TaxProf Blog

Editor: Paul L. Caron, Dean
Pepperdine University School of Law

Friday, July 7, 2017

Weekly SSRN Tax Article Review And Roundup

This week, Erin Scharff (Arizona State) reviews a recently posted article by Manoj Viswanathan (Hastings), The Hidden Costs of Cliff Effects in the Internal Revenue Code.  

Scharff (2017)Early on in my federal income tax class, I usually spend a bit of time with my students on the idea of the marginal tax rate.   The point I stress to them is that even as you earn more money and your tax rate goes up, you still take home more money working an additional hour than not working that hour.  I sometimes get the sense many of my students hadn’t understood that prior to my class.  

Of course, there’s a caveat to this simple marginal tax story:  the high marginal rates that result from cliff effects, particularly those in tax and spending programs aimed at addressing low-income Americans.  While I usually talk about these cliff effects when discussing the Earned Income Tax Credit, Manjoj Viswanathan’s recent work reminds me that these income-based cliff effects are pervasive in the Code.

Poverty scholars have long been concerned about the ways the loss of federal benefits can thrust the working poor back into poverty. As readers of this blog know well, even programs like the EITC, which are carefully tailored to encourage work by gradually phasing out the benefit, create cliffs when family structure changes, creating a special marriage penalty for the working poor.  Similarly, low-income people with disabilities worry that their eligibility for SSI may be threatened by increasing their work hours.

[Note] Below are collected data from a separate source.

(* Let $\eta=10^{-4}$. There exist absolute constants $c_0,c_1,c_2>0$ such that the following holds for all integers $K\ge1$ and all $\epsilon$ with $c_0/K\le\epsilon\le c_1$. Let $n=2K$, and let $\mathcal F$ be the family of instances with $n$ arms in which every arm is a Bernoulli arm with mean in $\{1/2-\eta,\,1/2+\eta\}$. If an algorithm, on every instance in $\mathcal F$, outputs an $\epsilon$-top-$K$ set of arms with probability at least $0.9$, then there is an instance in $\mathcal F$ on which the expected number of pulls made by the algorithm is at least $c_2\, n\log(1/\epsilon)$.
   Context: Stochastic bandit model: arm $i$ has an unknown reward distribution with mean $\theta_i$; an algorithm adaptively pulls arms, each pull of arm $i$ giving an independent sample from its distribution, and finally outputs a set of arms. With arms indexed so that $\theta_1\ge\dots\ge\theta_n$, for $T\subseteq[n]$ with $|T|=K$ the aggregate regret is $\mathcal R_T=\frac1K(\sum_{i=1}^K\theta_i-\sum_{i\in T}\theta_i)$, and $T$ is an $\epsilon$-top-$K$ set if $|T|=K$ and $\mathcal R_T\le\epsilon$. *)

From Stdlib Require Import Reals List Arith.
Import ListNotations.
Open Scope R_scope.

(** A history is a list of (arm, outcome) pairs, MOST RECENT PULL FIRST.
    An algorithm is a behavioural policy: after each history it either pulls
    arm i (probability [pull h i]) or stops and outputs a set of arms,
    encoded as a boolean indicator vector S of length n (probability
    [out h S]). *)

Definition hist := list (nat * bool).

Record policy := mkPolicy {
  pull : hist -> nat -> R;
  out  : hist -> list bool -> R }.

Definition sumR (l : list R) : R := fold_right Rplus 0 l.

Fixpoint allvec (n : nat) : list (list bool) :=
  match n with
  | O => [[]]
  | S m => flat_map (fun v => [true :: v; false :: v]) (allvec m)
  end.

Fixpoint hist_all (n m : nat) : list hist :=
  match m with
  | O => [[]]
  | S m' => flat_map (fun h => flat_map (fun i => [(i, true) :: h; (i, false) :: h])
                                        (seq 0 n))
                     (hist_all n m')
  end.

Definition valid_policy (n : nat) (pol : policy) : Prop :=
  forall h : hist,
    (forall i, 0 <= pull pol h i) /\
    (forall S, 0 <= out pol h S) /\
    sumR (map (pull pol h) (seq 0 n)) + sumR (map (out pol h) (allvec n)) = 1.

(** probability that the run starts with history h (instance theta,
    arm i gives outcome true with probability theta i) *)
Fixpoint hprob (theta : nat -> R) (pol : policy) (h : hist) : R :=
  match h with
  | [] => 1
  | (i, b) :: h' =>
      hprob theta pol h' * pull pol h' i * (if b then theta i else 1 - theta i)
  end.

Fixpoint set_sum (theta : nat -> R) (j : nat) (S : list bool) : R :=
  match S with
  | [] => 0
  | b :: S' => (if b then theta j else 0) + set_sum theta (Datatypes.S j) S'
  end.

Definition card (S : list bool) : nat := count_occ Bool.bool_dec S true.

(** sum of the K largest means theta_1 + ... + theta_K
    (= maximum of the sum over K-subsets of the n arms; K <= n assumed) *)
Definition topK_sum (theta : nat -> R) (n K : nat) : R :=
  fold_right Rmax 0
    (map (set_sum theta 0) (filter (fun S => Nat.eqb (card S) K) (allvec n))).

Definition regret (theta : nat -> R) (n K : nat) (S : list bool) : R :=
  / INR K * (topK_sum theta n K - set_sum theta 0 S).

Definition eps_topK (theta : nat -> R) (n K : nat) (eps : R) (S : list bool) : Prop :=
  card S = K /\ regret theta n K S <= eps.

Definition eps_topKb (theta : nat -> R) (n K : nat) (eps : R) (S : list bool) : bool :=
  Nat.eqb (card S) K && (if Rle_dec (regret theta n K S) eps then true else false).

(** P(algorithm stops after exactly m pulls with an eps-top-K output) *)
Definition succ_at (theta : nat -> R) (pol : policy) (n K : nat) (eps : R) (m : nat) : R :=
  sumR (map (fun h => hprob theta pol h *
                      sumR (map (fun S => if eps_topKb theta n K eps S then out pol h S else 0)
                                (allvec n)))
            (hist_all n m)).
(* Let $\mathcal R$ be a commutative ring with identity, $\mathcal M,\mathcal N$ modules over $\mathcal R$, $s\in\mathbb N$, $Y\in\mathcal M^{s\times s}$, and $f:\mathrm{Nilp}(\mathcal M,Y)\to\mathcal N_{\mathrm{nc}}$ a nc function. Assume that there are $\ell$-linear mappings $f_\ell:(\mathcal M^{s\times s})^\ell\to\mathcal N^{s\times s}$, $\ell=0,1,\dots$, such that $$f(X)=\sum_{\ell=0}^\infty\Bigl(X-\bigoplus_{\alpha=1}^mY\Bigr)^{\odot_s\ell}f_\ell$$ for all $m\in\mathbb N$ and all $X\in\mathrm{Nilp}(\mathcal M,Y)\cap\mathcal M^{sm\times sm}$ (the sum having finitely many nonzero terms). Then $f_\ell=\Delta_R^\ell f(Y,\dots,Y)$ ($\ell+1$ arguments) for all $\ell$.
   Context: $\mathcal M_{\mathrm{nc}}=\coprod_{n\ge1}\mathcal M^{n\times n}$; matrices over $\mathcal R$ act on matrices over $\mathcal M,\mathcal N$ by matrix multiplication; $X\oplus Y=\begin{bmatrix}X&0\\0&Y\end{bmatrix}$. A nc set is a subset closed under direct sums; $\Omega_n=\Omega\cap\mathcal M^{n\times n}$. A nc function $f:\Omega\to\mathcal N_{\mathrm{nc}}$ satisfies $f(\Omega_n)\subseteq\mathcal N^{n\times n}$, $f(X\oplus Y)=f(X)\oplus f(Y)$, $f(SXS^{-1})=Sf(X)S^{-1}$ whenever $S\in\mathcal R^{n\times n}$ invertible and $X,SXS^{-1}\in\Omega_n$. For $W\in\mathcal M^{sm\times sm}$ viewed as an $m\times m$ matrix $[W_{ij}]$ with blocks in $\mathcal M^{s\times s}$, $W^{\odot_s\ell}$ is the $m\times m$ matrix over $(\mathcal M^{s\times s})^{\otimes\ell}$ with $(i,k)$ entry $\sum_{j_1,\dots,j_{\ell-1}}W_{ij_1}\otimes\cdots\otimes W_{j_{\ell-1}k}$; for an $\ell$-linear $\varphi:(\mathcal M^{s\times s})^\ell\to\mathcal N^{s\times s}$, $W^{\odot_s\ell}\varphi\in\mathcal N^{sm\times sm}$ applies $\varphi$ (as a linear map on the tensor power) entrywise; for $\ell=0$, $W^{\odot_s0}\varphi=\bigoplus_{\alpha=1}^m\varphi$. $\mathrm{Nilp}(\mathcal M,Y)=\coprod_m\{X\in\mathcal M^{sm\times sm}:(X-\bigoplus_{\alpha=1}^mY)^{\odot_s\ell}=0\text{ for some }\ell\}$; it is a right admissible nc set (for all $X\in\Omega_n,X'\in\Omega_{n'},Z\in\mathcal M^{n\times n'}$ some invertible $r$ gives $\begin{bmatrix}X&rZ\\0&X'\end{bmatrix}\in\Omega$). Higher order operators: $f$ extends uniquely to a nc function $\tilde f$ on $\tilde\Omega=\{SXS^{-1}\}$ via $\tilde f(SXS^{-1})=Sf(X)S^{-1}$; for right admissible $\Omega$, $X^j\in\Omega_{n_j}$, $Z^j\in\mathcal M^{n_{j-1}\times n_j}$, the block upper bidiagonal matrix $B$ with diagonal $X^0,\dots,X^\ell$ and superdiagonal $Z^1,\dots,Z^\ell$ lies in $\tilde\Omega$ and $\Delta_R^\ell f(X^0,\dots,X^\ell)(Z^1,\dots,Z^\ell)$ is the $(1,\ell+1)$ block of $\tilde f(B)$; it is multilinear, and $\Delta_R^0f=f$. *)

From HB Require Import structures.
From mathcomp Require Import all_boot all_order all_algebra.
From Stdlib Require Import ClassicalEpsilon.
Set Implicit Arguments. Unset Strict Implicit. Unset Printing Implicit Defensive.
Import Order.TTheory GRing.Theory Num.Theory.
Local Open Scope ring_scope.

Viswanathan observes that not all cliff effects are created equal but rather that any bright line rule in the Code can create a cliff effect.  Thus, holding period requirements or tax benefits only available to small businesses with less than fifty employees similarly create large differences in tax treatment based on small numerical differences in the days an asset is held or the number of employees a business has.  Nevertheless, eliminating all such cliffs would create tremendous complexity.  Further, some cliffs may be purposefully designed to encourage changes in behavior.  As an example, he considers a proposed sales tax exemption that would apply to all low sugar drinks.  Defining low-sugar via a bright line rule of less than one gram per ounce would be “effective because the provision intends to change taxpayer behavior and taxpayer behavior may be extremely responsive to this additional cost.” 

The Article suggests that many income-based cliffs are not so carefully targeted, noting that low-income taxpayers may not have the ability to regulate their income in ways that respond to the changing tax incentives. Further, to the extent many of these cliff effects would induce taxpayers to work less that would seem to be an unintended (or at least unavoidable) result of the current policy design. In particular, he looks at the ways the phaseout of subsidies for the Affordable Care Act create cliffs for health insurance costs. For example, households earning less than 400% of poverty are eligible for health insurance, while those subsidies phase out completely for those earning more than 400% of poverty. Viswanathan estimates that for a family of four earning 400% of poverty results in the loss of a premium credit worth an average of approximately $1377. (Of course, on average masks many differences. Because the subsidy is offered to keep the cost of healthcare below a specific percentage of income, in certain low-cost jurisdictions, the subsidy may phaseout due to low premium costs before taxpayers hit the 400% income threshold.) 

Viswanathan notes that more gradual phaseouts could reduce the problem of cliff effects, but would not entirely eliminate the problem of high marginal tax rates around the phaseout threshholds.  He offers several solutions to this problem including a tax credit designed to prevent the taxpayer from losing post-tax income due to a phaseout and a statutory marginal rate limit.  As he writes, “If, for example, this maximum marginal tax rate were 40%, a taxpayer would be assured that any additional income earned would increase her net economic position by at least 60% of the additional income earned.”  Of course, a tax credit might create marginal tax rate problems of its own.  Viswanathan suggests similar solutions might work with respect to the marginal tax rates imposed by cliffs in eligibility for federal and state poverty programs as well.  While both ideas are intriguing, I would not envy the person charged with designing or drafting such legislative provisions.

There’s bipartisan consensus that our poverty programs (including those poverty programs embedded in the tax code) should encourage work, though there’s much debate about the best way to do that.  It’s hard to imagine a politician on either side of the political divide providing a full-throated endorsement of cliff effects and marginal tax rates over 100%.  Nevertheless, solving these problems would, in many cases, make these programs more expensive and add complexity to the Code.  It seems unlikely that expanding these programs is in the cards for the current Congress, but Viswanathan’s ideas are worth noting for those thinking about reforming these programs in the coming years.